No era la primera vez que veía a Heberto Castillo en un acto público. Días antes, en el Auditorio de Ingeniería, había pronunciado un discurso incendiario. Más alto que los demás, más severo y firme en su tono y su mirada, tenía el aura inconfundible del revolucionario puro. "Acaba de asistir a la Tricontinental en Cuba", comentaban los más politizados. En aquel entonces –agosto de 1968– yo no sabía qué era la Tricontinental –apenas dominaba la trigonometría– pero tenía razones suficientes, no políticas sino pedagógicas, para admirar a Heberto. Sin su libro sobre Resistencia de Materiales, me hubiese extraviado en un universo incomprensible de vectores, matrices y torsores. Editado con modestia, casi como un cuaderno de apuntes, aquel texto era un prodigio de claridad.

Pero esta ocasión era distinta. En la explanada de Ciudad Universitaria, una alegre muchedumbre se había reunido a celebrar el 15 de septiembre. De pronto, al anochecer, alguien discurrió la idea de invitar a Heberto a dar el Grito de Independencia. La herejía nos pareció genial: expropiar la fiesta de fiestas del calendario patrio, hacerla nuestra. Heberto cojeaba visiblemente. Tras la manifestación del 27 de agosto, había sido salvajemente golpeado.
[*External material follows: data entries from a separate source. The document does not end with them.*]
Arguments acc {A P S} _ _ _ _.
Arguments valu {A P S} _ _ _.
Arguments sat {A P S} M s f.
Arguments occurs {A P} a f.
Arguments Upd {A P n} R pre post e.

(* Let phi hold at x0 in some model N.  Identifying states of N that agree on
   the (finite) closure of phi gives a filtration of N in which phi still holds
   at x0; its finitely many classes are the events of the update.  The event
   relation for a is the image of R(a) on classes, the postconditions reset each
   atom of the closure to its value on the class, and every precondition is a
   formula W that holds on S^ser and such that each W-state has a W-successor
   for every agent of phi (an approximant of the greatest fixpoint of
   X |-> /\_a <a>X, which stabilises because S is finite).  Then relating x with
   every (t, [x]) with t |= W is a bisimulation, for the agents and atoms of
   phi, between the filtration and M x U, so phi holds at (s, [x0]). *)

From mathcomp Require Import all_boot boolp.
From Stdlib Require Import Relations.Relation_Operators.
From Stdlib Require List.

Set Implicit Arguments.
Unset Strict Implicit.
Unset Printing Implicit Defensive.

Section UpdateLogic.
Variables (A : finType) (P : countType).
Local Notation form := (form A P).
Local Notation model := (model A P).

Section FormInd.
Variable Q : form -> Prop.
Hypothesis Q_Atom : forall p, Q (Atom A p).
Hypothesis Q_Neg : forall g, Q g -> Q (Neg g).
Hypothesis Q_And : forall g h, Q g -> Q h -> Q (And g h).
Hypothesis Q_Ag : forall a g, Q g -> Q (Box (Ag P a) g).
Hypothesis Q_Star : forall B g, Q g -> Q (Box (Star P B) g).
Hypothesis Q_Upd : forall n (R : A -> 'I_n.+1 -> 'I_n.+1 -> bool) pre post e g,
  (forall f, Q (pre f)) -> (forall f q chi, List.In (q, chi) (post f) -> Q chi) ->
  Q g -> Q (Box (Upd R pre post e) g).

Fixpoint form_nested_ind (phi : form) : Q phi :=
  match phi with
  | Atom p => Q_Atom p
  | Neg g => Q_Neg (form_nested_ind g)
  | And g h => Q_And (form_nested_ind g) (form_nested_ind h)
  | Box (Ag a) g => Q_Ag a (form_nested_ind g)
  | Box (Star B) g => Q_Star B (form_nested_ind g)
  | Box (Upd n R pre post e) g =>
      Q_Upd R e (fun f => form_nested_ind (pre f))
        (fun f => (fix go (l : list (P * form)) :
                      forall q chi, List.In (q, chi) l -> Q chi :=
           match l return forall q chi, List.In (q, chi) l -> Q chi with
           | nil => fun q chi H => False_ind _ H
           | qc :: l' => fun q chi H =>
               match H return Q chi with
               | or_introl E =>
                   @eq_ind _ qc (fun y => Q y.2) (form_nested_ind qc.2) _ E
               | or_intror H' => go l' q chi H'
               end
           end) (post f))
        (form_nested_ind g)
  end.
End FormInd.

Lemma mem_In (T : eqType) (x : T) (s : seq T) : x \in s -> List.In x s.
Proof. by elim: s => [|y s IH] //=; rewrite inE => /orP [/eqP ->|/IH]; [left|right]. Qed.

(* Besides subformulas, the closure contains [U, f]chi for every event f of an
   update U occurring in phi and every chi in the closure of its argument: the
   filtration lemma needs these to pass through the modality [U, e]. *)
Fixpoint closure (phi : form) : list form :=
  match phi with
  | Atom _ => [:: phi]
  | Neg g => phi :: closure g
  | And g h => phi :: (closure g ++ closure h)%list
  | Box (Ag _) g => phi :: closure g
  | Box (Star _) g => phi :: closure g
  | Box (Upd n R pre post _) g =>
      phi :: (closure g ++ List.flat_map (fun f =>
         closure (pre f) ++ List.flat_map (fun qc => closure qc.2) (post f) ++
         List.map (Box (Upd R pre post f)) (closure g)) (enum 'I_n.+1))%list
  end.

Lemma closure_self phi : List.In phi (closure phi).
Proof. by case: phi => [p|g|g h|[a|B|n R pre post e] g]; left. Qed.

Lemma closure_And_l g h chi :
  List.In chi (closure g) -> List.In chi (closure (And g h)).
Proof. by move=> chi_g; right; apply: List.in_or_app; left. Qed.

Lemma closure_And_r g h chi :
  List.In chi (closure h) -> List.In chi (closure (And g h)).
Proof. by move=> chi_h; right; apply: List.in_or_app; right. Qed.

Section ClosureUpd.
Variables (n : nat) (R : A -> 'I_n.+1 -> 'I_n.+1 -> bool) (pre : 'I_n.+1 -> form)
  (post : 'I_n.+1 -> list (P * form)) (e : 'I_n.+1) (g : form).
Local Notation W := (Box (Upd R pre post e) g).

Lemma closure_Upd_arg chi : List.In chi (closure g) -> List.In chi (closure W).
Proof. by move=> chi_g; right; apply: List.in_or_app; left. Qed.

Lemma closure_Upd_event f chi :
  List.In chi (closure (pre f) ++ List.flat_map (fun qc => closure qc.2) (post f) ++
                 List.map (Box (Upd R pre post f)) (closure g))%list ->
  List.In chi (closure W).
Proof.
move=> chi_f; right; apply: List.in_or_app; right; apply/List.in_flat_map.
by exists f; split => //; apply: mem_In; rewrite mem_enum.
Qed.

Lemma closure_Upd_pre f chi : List.In chi (closure (pre f)) -> List.In chi (closure W).
Proof. by move=> chi_f; apply: (@closure_Upd_event f); apply: List.in_or_app; left. Qed.

Lemma closure_Upd_post f q c chi :
  List.In (q, c) (post f) -> List.In chi (closure c) -> List.In chi (closure W).
Proof.
move=> qc_f chi_c; apply: (@closure_Upd_event f); apply: List.in_or_app; right.
by apply: List.in_or_app; left; apply/List.in_flat_map; exists (q, c).
Qed.

Lemma closure_Upd_box f chi :
  List.In chi (closure g) -> List.In (Box (Upd R pre post f) chi) (closure W).
Proof.
move=> chi_g; apply: (@closure_Upd_event f); apply: List.in_or_app; right.
by apply: List.in_or_app; right; apply: List.in_map.
Qed.
End ClosureUpd.

Definition closure_atoms (phi : form) : seq P :=
  List.flat_map (fun c => if c is Atom p then [:: p] else [::]) (closure phi).

Lemma In_closure_atoms phi p :
  List.In (Atom A p) (closure phi) -> List.In p (closure_atoms phi).
Proof. by move=> p_phi; apply/List.in_flat_map; exists (Atom A p); split; [|left]. Qed.

Definition post_val S (M : model S) (p : P) (t : S) : list (P * form) -> Prop :=
  fix look l := match l with
                | nil => valu M p t
                | (q, psi) :: l' => if q == p then sat M t psi else look l'
                end.

Lemma post_val_iff S1 S2 (M1 : model S1) (M2 : model S2) p t1 t2 l :
  (forall q chi, List.In (q, chi) l -> (sat M1 t1 chi <-> sat M2 t2 chi)) ->
  (valu M1 p t1 <-> valu M2 p t2) -> (post_val M1 p t1 l <-> post_val M2 p t2 l).
Proof.
move=> post_eq val_eq; elim: l post_eq => [|[q chi] l IH] post_eq //=.
case: (q == p); first by apply: post_eq; left.
by apply: IH => q' chi' qchi_l; apply: (post_eq q'); right.
Qed.

Lemma post_val_map S (M : model S) (F : P -> form) ps p t :
  List.In p ps -> (post_val M p t [seq (q, F q) | q <- ps] <-> sat M t (F p)).
Proof.
elim: ps => [|q ps IH] //= [->|p_ps]; first by rewrite eqxx.
by case: eqP => [-> //|_]; apply: IH.
Qed.

Definition update_model S (M : model S) n (R : A -> 'I_n.+1 -> 'I_n.+1 -> bool)
    (pre : 'I_n.+1 -> form) (post : 'I_n.+1 -> list (P * form)) :=
  product_model M R (fun t f => sat M t (pre f)) (fun p t f => post_val M p t (post f)).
A pesar de todo, desde un principio había procurado tender puentes entre el gobierno y los estudiantes. Esta vez subió al podio improvisado y gritó vivas al movimiento estudiantil, a los héroes y a México. El gobierno interpretó el acto como una profanación. Dos días más tarde el Ejército entró a la Universidad. Era el preludio del fin.
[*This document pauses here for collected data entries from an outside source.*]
(* If a polynomial $p\in\mathbb C[X_{12},X_{13},X_{23}]$ satisfies $\hat H_1^{(-2)}p=\hat H_2^{(-2)}p=\hat H_3^{(-2)}p=0$, then $p$ is constant. That is, $\ker\hat H_1^{(-2)}\cap\ker\hat H_2^{(-2)}\cap\ker\hat H_3^{(-2)}=\mathbb C$ on $\mathbb C[X_{12},X_{13},X_{23}]$.
   Context: The operators (with rational coefficients, mapping polynomials to rational functions) are $$\hat H_1^{(-2)}=\frac{\partial^2}{\partial X_{12}^2}+\frac{\partial^2}{\partial X_{13}^2}+\frac{X_{12}^2+X_{13}^2-X_{23}^2}{X_{12}X_{13}}\frac{\partial^2}{\partial X_{12}\partial X_{13}}+\frac{2}{X_{12}}\frac{\partial}{\partial X_{12}}+\frac{2}{X_{13}}\frac{\partial}{\partial X_{13}},$$ $$\hat H_2^{(-2)}=\frac{\partial^2}{\partial X_{12}^2}+\frac{\partial^2}{\partial X_{23}^2}+\frac{X_{12}^2+X_{23}^2-X_{13}^2}{X_{12}X_{23}}\frac{\partial^2}{\partial X_{12}\partial X_{23}}+\frac{2}{X_{12}}\frac{\partial}{\partial X_{12}}+\frac{2}{X_{23}}\frac{\partial}{\partial X_{23}},$$ $$\hat H_3^{(-2)}=\frac{\partial^2}{\partial X_{13}^2}+\frac{\partial^2}{\partial X_{23}^2}+\frac{X_{13}^2+X_{23}^2-X_{12}^2}{X_{13}X_{23}}\frac{\partial^2}{\partial X_{13}\partial X_{23}}+\frac{2}{X_{13}}\frac{\partial}{\partial X_{13}}+\frac{2}{X_{23}}\frac{\partial}{\partial X_{23}}.$$ *)

From HB Require Import structures.
From mathcomp Require Import all_boot all_order all_algebra.
From mathcomp Require Import fraction.
From mathcomp Require Import mpoly.
Set Implicit Arguments. Unset Strict Implicit. Unset Printing Implicit Defensive.
Import Order.TTheory GRing.Theory Num.Theory.
Local Open Scope ring_scope.

(* Variables: index 0 = X12, index 1 = X13, index 2 = X23. *)
Notation tofrac := (@FracField.tofrac _).
Notation "x %:F" := (tofrac x) : ring_scope.

Section Ops.
Variable C : numClosedFieldType.
Notation P := {mpoly C[3]}.
Notation F := {fraction P}.

Definition i12 : 'I_3 := @Ordinal 3 0 isT.
Definition i13 : 'I_3 := @Ordinal 3 1 isT.
Definition i23 : 'I_3 := @Ordinal 3 2 isT.

Definition Hop (a b c : 'I_3) (p : P) : F :=
  let Xa : F := ('X_a : P)%:F in
  let Xb : F := ('X_b : P)%:F in
  let Xc : F := ('X_c : P)%:F in
  (p^`M(a)^`M(a))%:F + (p^`M(b)^`M(b))%:F
  + (Xa ^+ 2 + Xb ^+ 2 - Xc ^+ 2) / (Xa * Xb) * (p^`M(a)^`M(b))%:F
  + 2%:R / Xa * (p^`M(a))%:F + 2%:R / Xb * (p^`M(b))%:F.

Definition H1 (p : P) : F := Hop i12 i13 i23 p.
Definition H2 (p : P) : F := Hop i12 i23 i13 p.
Definition H3 (p : P) : F := Hop i13 i23 i12 p.
End Ops.

(** Multiplying by X_a X_b turns H_a p = 0 into a polynomial identity, which
    on coefficients is a three-term recurrence (mcoeff_Hnum): in coordinates
    (i, j, k) adapted to the operator, the coefficient at (i, j, k) couples
    p_(i+1, j-1, k), p_(i-1, j+1, k) and p_(i+1, j+1, k-2).  Let k be the top
    X23-degree of p.  The recurrences of H2 and H3 taken one layer higher leave
    a single surviving term, so every top-layer monomial is a pure power X23^k;
    a small elimination between the three recurrences kills the coefficient of
    X23^k when k > 0.  Descending on k, only the constant term survives. *)

From mathcomp Require Import all_boot all_order all_algebra.
From mathcomp Require Import fraction.
From mathcomp Require Import mpoly.
From mathcomp Require Import ring zify.
Import GRing.Theory Num.Theory.
Local Open Scope ring_scope.

Lemma natmul_eq0 (R : numDomainType) (x : R) n : (0 < n)%N -> x *+ n = 0 -> x = 0.
Proof. by rewrite lt0n => n0 /eqP; rewrite mulrn_eq0 (negbTE n0) => /eqP. Qed.

Lemma lincomb_eq0 {R : comNzRingType} {x y z w : R} :
  x = 0 -> y = 0 -> z = 0 -> forall s t r, w = s * x + t * y + r * z -> w = 0.
Proof. by move=> -> -> -> s t r ->; rewrite !mulr0 !addr0. Qed.

Lemma mcoeffXM (R : nzRingType) (n : nat) (q : {mpoly R[n]}) m T :
  ('X_[m] * q)@_T = if (m <= T)%MM then q@_(T - m) else 0.
Proof.
rewrite -commr_mpolyX; case: ifP => mT; first by rewrite -{1}(submK mT) addmC mcoeffMX.
rewrite mcoeffM big1 // => k /eqP Tk; rewrite mcoeffX.
have [mk2|] := eqVneq m k.2; last by rewrite mulr0.
suff : (m <= T)%MM by rewrite mT.
by apply/mnm_lepP => l; rewrite (congr1 (fun t : 'X_{1..n} => t l) Tk) mnmDE mk2 leq_addl.
Qed.

Definition mnm3 (a b c : 'I_3) (i j k : nat) : 'X_{1..3} :=
  (U_(a) *+ i + U_(b) *+ j + U_(c) *+ k)%MM.

Lemma mnm3_swap (a b c : 'I_3) i j k : mnm3 a c b i k j = mnm3 a b c i j k.
Proof. by apply/mnmP => l; rewrite !mnmDE; lia. Qed.

Lemma mnm3_rotate (a b c : 'I_3) i j k : mnm3 b c a j k i = mnm3 a b c i j k.
Proof. by apply/mnmP => l; rewrite !mnmDE; lia. Qed.

Lemma mnm3_000 (a b c : 'I_3) : mnm3 a b c 0 0 0 = 0%MM.
Proof. by apply/mnmP => l; rewrite !mnmDE !mulmnE !muln0. Qed.

Definition Hnum {R : nzRingType} (a b c : 'I_3) (p : {mpoly R[3]}) : {mpoly R[3]} :=
  'X_a * 'X_b * (p^`M(a)^`M(a) + p^`M(b)^`M(b))
  + ('X_a ^+ 2 + 'X_b ^+ 2 - 'X_c ^+ 2) * p^`M(a)^`M(b)
  + ('X_b * p^`M(a) + 'X_a * p^`M(b)) *+ 2.

Section Frame.
Variables a b c : 'I_3.
Hypotheses (ab : a != b) (ac : a != c) (bc : b != c).
Local Notation m3 := (mnm3 a b c).

Lemma ord3_cover (l : 'I_3) : [|| l == a, l == b | l == c].
Proof.
move: ab ac bc.
by case: a => [[|[|[|?]]] ?]; case: b => [[|[|[|?]]] ?]; case: c => [[|[|[|?]]] ?];
  case: l => [[|[|[|?]]] ?].
Qed.

Lemma mnm3Ea i j k : m3 i j k a = i.
Proof.
rewrite !mnmDE !mulmnE !mnm1E eqxx (eq_sym b) (eq_sym c) (negbTE ab) (negbTE ac).
by rewrite /= mul1n !mul0n !addn0.
Qed.

Lemma mnm3Eb i j k : m3 i j k b = j.
Proof.
rewrite !mnmDE !mulmnE !mnm1E eqxx (negbTE ab) (eq_sym c) (negbTE bc).
by rewrite /= mul1n !mul0n addn0.
Qed.

Lemma mnm3Ec i j k : m3 i j k c = k.
Proof. by rewrite !mnmDE !mulmnE !mnm1E eqxx (negbTE ac) (negbTE bc) /= mul1n !mul0n. Qed.

Lemma mnm3P (m : 'X_{1..3}) i j k : m a = i -> m b = j -> m c = k -> m = m3 i j k.
Proof.
move=> Ea Eb Ec; apply/mnmP => l.
by case/or3P: (ord3_cover l) => /eqP ->; rewrite ?mnm3Ea ?mnm3Eb ?mnm3Ec.
Qed.

Lemma mnm3_eta (m : 'X_{1..3}) : m = m3 (m a) (m b) (m c).
Proof. exact: mnm3P. Qed.

Lemma mnm3D i j k i' j' k' : (m3 i j k + m3 i' j' k')%MM = m3 (i + i') (j + j') (k + k').
Proof. by apply: mnm3P; rewrite mnmDE ?mnm3Ea ?mnm3Eb ?mnm3Ec. Qed.

Lemma mnm3B i j k i' j' k' : (m3 i j k - m3 i' j' k')%MM = m3 (i - i') (j - j') (k - k').
Proof. by apply: mnm3P; rewrite mnmBE ?mnm3Ea ?mnm3Eb ?mnm3Ec. Qed.

Lemma lepm_mnm3 i j k i' j' k' :
  (m3 i j k <= m3 i' j' k')%MM = [&& i <= i', j <= j' & k <= k']%N.
Proof.
apply/mnm_lepP/and3P => [le | [le_i le_j le_k] l].
  by move: (le a) (le b) (le c); rewrite !mnm3Ea !mnm3Eb !mnm3Ec => -> -> ->.
by case/or3P: (ord3_cover l) => /eqP ->; rewrite ?mnm3Ea ?mnm3Eb ?mnm3Ec.
Qed.

Lemma mnm3_Ua : U_(a)%MM = m3 1 0 0.
Proof. by apply: mnm3P; rewrite mnm1E ?eqxx ?(negbTE ab) ?(negbTE ac). Qed.

Lemma mnm3_Ub : U_(b)%MM = m3 0 1 0.
Proof.
by apply: mnm3P; rewrite mnm1E;
  [rewrite eq_sym (negbTE ab) | rewrite eqxx | rewrite (negbTE bc)].
Qed.

Lemma mnm3_Uc : U_(c)%MM = m3 0 0 1.
Proof.
by apply: mnm3P; rewrite mnm1E;
  [rewrite eq_sym (negbTE ac) | rewrite eq_sym (negbTE bc) | rewrite eqxx].
Qed.

Variable R : comNzRingType.
Implicit Type q : {mpoly R[3]}.

Lemma mcoeffXM_mnm3 q i j k i' j' k' :
  ('X_[m3 i' j' k'] * q)@_(m3 i j k) =
  if [&& i' <= i, j' <= j & k' <= k]%N then q@_(m3 (i - i') (j - j') (k - k')) else 0.
Proof. by rewrite mcoeffXM lepm_mnm3 mnm3B. Qed.

Lemma mcoeff_mderiv_a q i j k : (q^`M(a))@_(m3 i j k) = q@_(m3 i.+1 j k) *+ i.+1.
Proof. by rewrite mcoeff_mderiv mnm3Ea mnm3_Ua mnm3D addn1 !addn0. Qed.

Lemma mcoeff_mderiv_b q i j k : (q^`M(b))@_(m3 i j k) = q@_(m3 i j.+1 k) *+ j.+1.
Proof. by rewrite mcoeff_mderiv mnm3Eb mnm3_Ub mnm3D addn1 !addn0. Qed.

Lemma mcoeff_Hnum q i j k :
  (Hnum a b c q)@_(m3 i j k) =
    (if (0 < j)%N then q@_(m3 i.+1 j.-1 k) *+ (i.+1 * (i + j).+1) else 0)
  + (if (0 < i)%N then q@_(m3 i.-1 j.+1 k) *+ (j.+1 * (i + j).+1) else 0)
  - (if (1 < k)%N then q@_(m3 i.+1 j.+1 k.-2) *+ (i.+1 * j.+1) else 0).
Proof.
rewrite /Hnum mnm3_Ua mnm3_Ub mnm3_Uc !expr2 -!mpolyXD !mnm3D /=.
rewrite !(mulrDl, mulrDr, mulrBl, mulNr, mcoeffD, mcoeffB, mcoeffN, mcoeffMn, mcoeffXM_mnm3).
rewrite !(mcoeff_mderiv_a, mcoeff_mderiv_b).
(* Opaque atoms make the 27 calls to ring below fast. *)
have [Q QE] : exists Q : nat -> nat -> nat -> R, forall u v w, q@_(m3 u v w) = Q u v w.
  by exists (fun u v w => q@_(m3 u v w)).
rewrite !QE.
by case: i => [|[|i]]; case: j => [|[|j]]; case: k => [|[|k]];
  rewrite /= ?(subn0, subSS, addn0, add0n, addSn, addnS); ring.
Qed.

End Frame.

Lemma tofrac_mpolyX_neq0 (C : numClosedFieldType) (l : 'I_3) :
  ('X_l : {mpoly C[3]})%:F != 0.
Proof. by rewrite tofrac_eq0 -msupp_eq0 msuppX. Qed.

Lemma Hop_mulX (C : numClosedFieldType) (a b c : 'I_3) (p : {mpoly C[3]}) :
  Hop a b c p * ('X_a * 'X_b)%:F = (Hnum a b c p)%:F.
Proof.
have clear_denominators (F : fieldType) (xa xb xc paa pbb pab pa pb : F) :
    xa != 0 -> xb != 0 ->
    (paa + pbb + (xa ^+ 2 + xb ^+ 2 - xc ^+ 2) / (xa * xb) * pab
     + 2%:R / xa * pa + 2%:R / xb * pb) * (xa * xb)
    = xa * xb * (paa + pbb) + (xa ^+ 2 + xb ^+ 2 - xc ^+ 2) * pab
      + (xb * pa + xa * pb) *+ 2.
  by move=> xa0 xb0; field; rewrite xa0 xb0.
rewrite /Hop /Hnum !(tofracMn, tofracXn, tofracD, tofracN, tofracM).
exact: clear_denominators (tofrac_mpolyX_neq0 C a) (tofrac_mpolyX_neq0 C b).
Qed.

Lemma Hnum_eq0 {C : numClosedFieldType} {a b c : 'I_3} {p : {mpoly C[3]}} :
  Hop a b c p = 0 -> Hnum a b c p = 0.
Proof. by move=> Hp0; apply/eqP; rewrite -tofrac_eq0 -Hop_mulX Hp0 mul0r. Qed.

Section Kernel.
Variables (C : numClosedFieldType) (p : {mpoly C[3]}).
Hypotheses (H1p : H1 p = 0) (H2p : H2 p = 0) (H3p : H3 p = 0).
Local Notation P i j k := (p@_(mnm3 i12 i13 i23 i j k)).

Lemma coeff_recurrence12 i j k :
    (if (0 < j)%N then P i.+1 j.-1 k *+ (i.+1 * (i + j).+1) else 0)
  + (if (0 < i)%N then P i.-1 j.+1 k *+ (j.+1 * (i + j).+1) else 0)
  - (if (1 < k)%N then P i.+1 j.+1 k.-2 *+ (i.+1 * j.+1) else 0) = 0.
Proof.
have := @mcoeff_Hnum i12 i13 i23 isT isT isT _ p i j k.
by rewrite (Hnum_eq0 H1p) mcoeff0.
Qed.

Lemma coeff_recurrence13 i j k :
    (if (0 < k)%N then P i.+1 j k.-1 *+ (i.+1 * (i + k).+1) else 0)
  + (if (0 < i)%N then P i.-1 j k.+1 *+ (k.+1 * (i + k).+1) else 0)
  - (if (1 < j)%N then P i.+1 j.-2 k.+1 *+ (i.+1 * k.+1) else 0) = 0.
Proof.
have := @mcoeff_Hnum i12 i23 i13 isT isT isT _ p i k j.
by rewrite (Hnum_eq0 H2p) mcoeff0 !(mnm3_swap i12 i13 i23).
Qed.

Lemma coeff_recurrence23 i j k :
    (if (0 < k)%N then P i j.+1 k.-1 *+ (j.+1 * (j + k).+1) else 0)
  + (if (0 < j)%N then P i j.-1 k.+1 *+ (k.+1 * (j + k).+1) else 0)
  - (if (1 < i)%N then P i.-2 j.+1 k.+1 *+ (j.+1 * k.+1) else 0) = 0.
Proof.
have := @mcoeff_Hnum i13 i23 i12 isT isT isT _ p j k i.
by rewrite (Hnum_eq0 H3p) mcoeff0 !(mnm3_rotate i12 i13 i23).
Qed.

Lemma coeff_X23_power k : P 0 0 k.+1 = 0.
Proof.
case: k => [|[|[|k]]].
- have := coeff_recurrence23 0 1 0 => /= e.
  by apply: (@natmul_eq0 _ _ 2) => //; rewrite -e; ring.
- have := coeff_recurrence12 1 1 0; have := coeff_recurrence13 1 0 1.
  have := coeff_recurrence23 0 1 1 => /= e23 e13 e12.
  apply: (@natmul_eq0 _ _ 12) => //.
  by apply: (lincomb_eq0 e12 e13 e23 (-1) 1 1); ring.
- have := coeff_recurrence23 0 1 2; have := coeff_recurrence12 1 1 1.
  have := coeff_recurrence13 1 2 0 => /= e13 e12 e23.
  apply: (@natmul_eq0 _ _ 36) => //.
  by apply: (lincomb_eq0 e13 e12 e23 (-6) (-2) 3); ring.
have := coeff_recurrence23 0 1 k.+3; have := coeff_recurrence12 1 1 k.+2.
have := coeff_recurrence13 1 2 k.+1; have := coeff_recurrence23 2 1 k.+1.
move=> /= e23 e13 e12 e23'.
have P20E : P 2 0 k.+2 = P 0 2 k.+2.
  apply: subr0_eq; apply: (@natmul_eq0 _ _ (k.+2 * k.+4.+1)) => //.
  by apply: (lincomb_eq0 e23 e13 e12 1 (-1) 0); ring.
rewrite P20E in e12 e13.
have P22E : P 2 2 k = P 0 2 k.+2 *+ 3.
  apply: subr0_eq; apply: (@natmul_eq0 _ _ 4) => //.
  by rewrite -oppr0 -e12; ring.
rewrite P22E in e13.
have P02E : P 0 2 k.+2 = 0.
  by apply: (@natmul_eq0 _ _ (k.+4 * k.+4.+1)) => //; rewrite -e13; ring.
rewrite P02E in e23'.
by apply: (@natmul_eq0 _ _ (k.+4 * k.+4.+1)) => //; rewrite -e23'; ring.
Qed.

Lemma top_layer_support {i j k} :
    (forall i' j' k', (k < k')%N -> P i' j' k' = 0) ->
  P i j k != 0 -> i = 0%N /\ j = 0%N.
Proof.
move=> above; case: i => [|i] Pijk.
  case: j Pijk => [//|j] /negP[]; apply/eqP.
  have := coeff_recurrence23 0 j k.+1.
  rewrite !(above _ _ k.+2) // !mul0rn !if_same addr0 subr0 /=.
  exact: natmul_eq0.
case/negP: Pijk; apply/eqP.
have := coeff_recurrence13 i j k.+1.
rewrite !(above _ _ k.+2) // !mul0rn !if_same addr0 subr0 /=.
exact: natmul_eq0.
Qed.

Lemma coeff_eq0_above0 {k} :
    (forall i j k', (k < k')%N -> P i j k' = 0) ->
  forall i j k', (0 < k')%N -> P i j k' = 0.
Proof.
elim: k => [//|k IH] above; apply: IH => i j k'.
rewrite leq_eqVlt => /orP[/eqP <-|]; last exact: above.
apply/eqP/negPn/negP => Pijk.
have [i0 j0] := top_layer_support above Pijk.
by rewrite i0 j0 coeff_X23_power eqxx in Pijk.
Qed.

Lemma coeff_nonconst_eq0 (m : 'X_{1..3}) : m != 0%MM -> p@_m = 0.
Proof.
have above i j k : (\max_(m <- msupp p) m i23 < k)%N -> P i j k = 0.
  move=> lt_max; apply/eqP/negPn/negP => Pijk.
  have := @leq_bigmax_seq _ (msupp p) xpredT (fun m : 'X_{1..3} => m i23)
    (mnm3 i12 i13 i23 i j k).
  by rewrite mcoeff_msupp Pijk mnm3Ec // leqNgt lt_max => /(_ isT isT).
move=> m0; have [i [j [k mE]]] : exists i j k, m = mnm3 i12 i13 i23 i j k.
  by exists (m i12), (m i13), (m i23); apply: mnm3_eta.
subst m; case: k m0 => [|k] m0; last exact: (coeff_eq0_above0 above).
apply/eqP/negPn/negP => Pij0.
have [i0 j0] := top_layer_support (coeff_eq0_above0 above) Pij0.
by rewrite i0 j0 mnm3_000 eqxx in m0.
Qed.

End Kernel.

Theorem mainTheorem8 (C : numClosedFieldType) (p : {mpoly C[3]}) :
  H1 p = 0 -> H2 p = 0 -> H3 p = 0 -> exists c : C, p = c%:MP.
Proof.
move=> H1p H2p H3p; exists p@_0; apply/mpolyP => m; rewrite mcoeffC.
have [->|m0] := eqVneq m 0%MM; first by rewrite mulr1.
by rewrite mulr0 (coeff_nonconst_eq0 _ _ H1p H2p H3p _ m0).
Qed.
Desde aquel momento seguí de lejos, pero puntualmente, la trayectoria de aquel ingeniero civil y cívico, social y socialista. Supe de la cacería de que fue objeto luego del 2 de octubre, un cerco que ni siquiera su viejo amigo Lázaro Cárdenas pudo romper. Su encarcelamiento, uno de los mil capítulos vergonzosos de la "justicia" mexicana, le sirvió para estudiar la historia del país, pintar un cuadro de Cárdenas dando la tierra a los campesinos y reflexionar sobre los rumbos extraviados de la izquierda mexicana. Al salir, a principios de 1971, intentó formar un partido independiente compuesto no sólo con antiguos militantes de izquierda sino con representantes de un amplio espectro ideológico. Admirador en su juventud del irreductible Narciso Bassols, entre 1961 y 1967 Heberto había sido fundador y último sostén del malogrado MLN (Movimiento de Liberación Nacional). Tras la experiencia límite del movimiento estudiantil, comprendió que el único camino viable para la izquierda mexicana era el de la democracia. Confiaba en que una firme presión cívica terminaría por inducir una apertura histórica del Estado hacia la izquierda. Para el régimen esa apertura no era sólo conveniente –México, recuérdese, vivía en el umbral de una guerra sucia– sino que era justa y necesaria: salvo los breves interludios de Cárdenas y Ávila Camacho, la izquierda había vivido proscrita, al margen o a contrapelo de la historia. El gobierno, en suma, debía borrar décadas de intolerancia y represión. Pero paralelamente, la izquierda debía renunciar a su dogmatismo sectario y a su propensión violenta.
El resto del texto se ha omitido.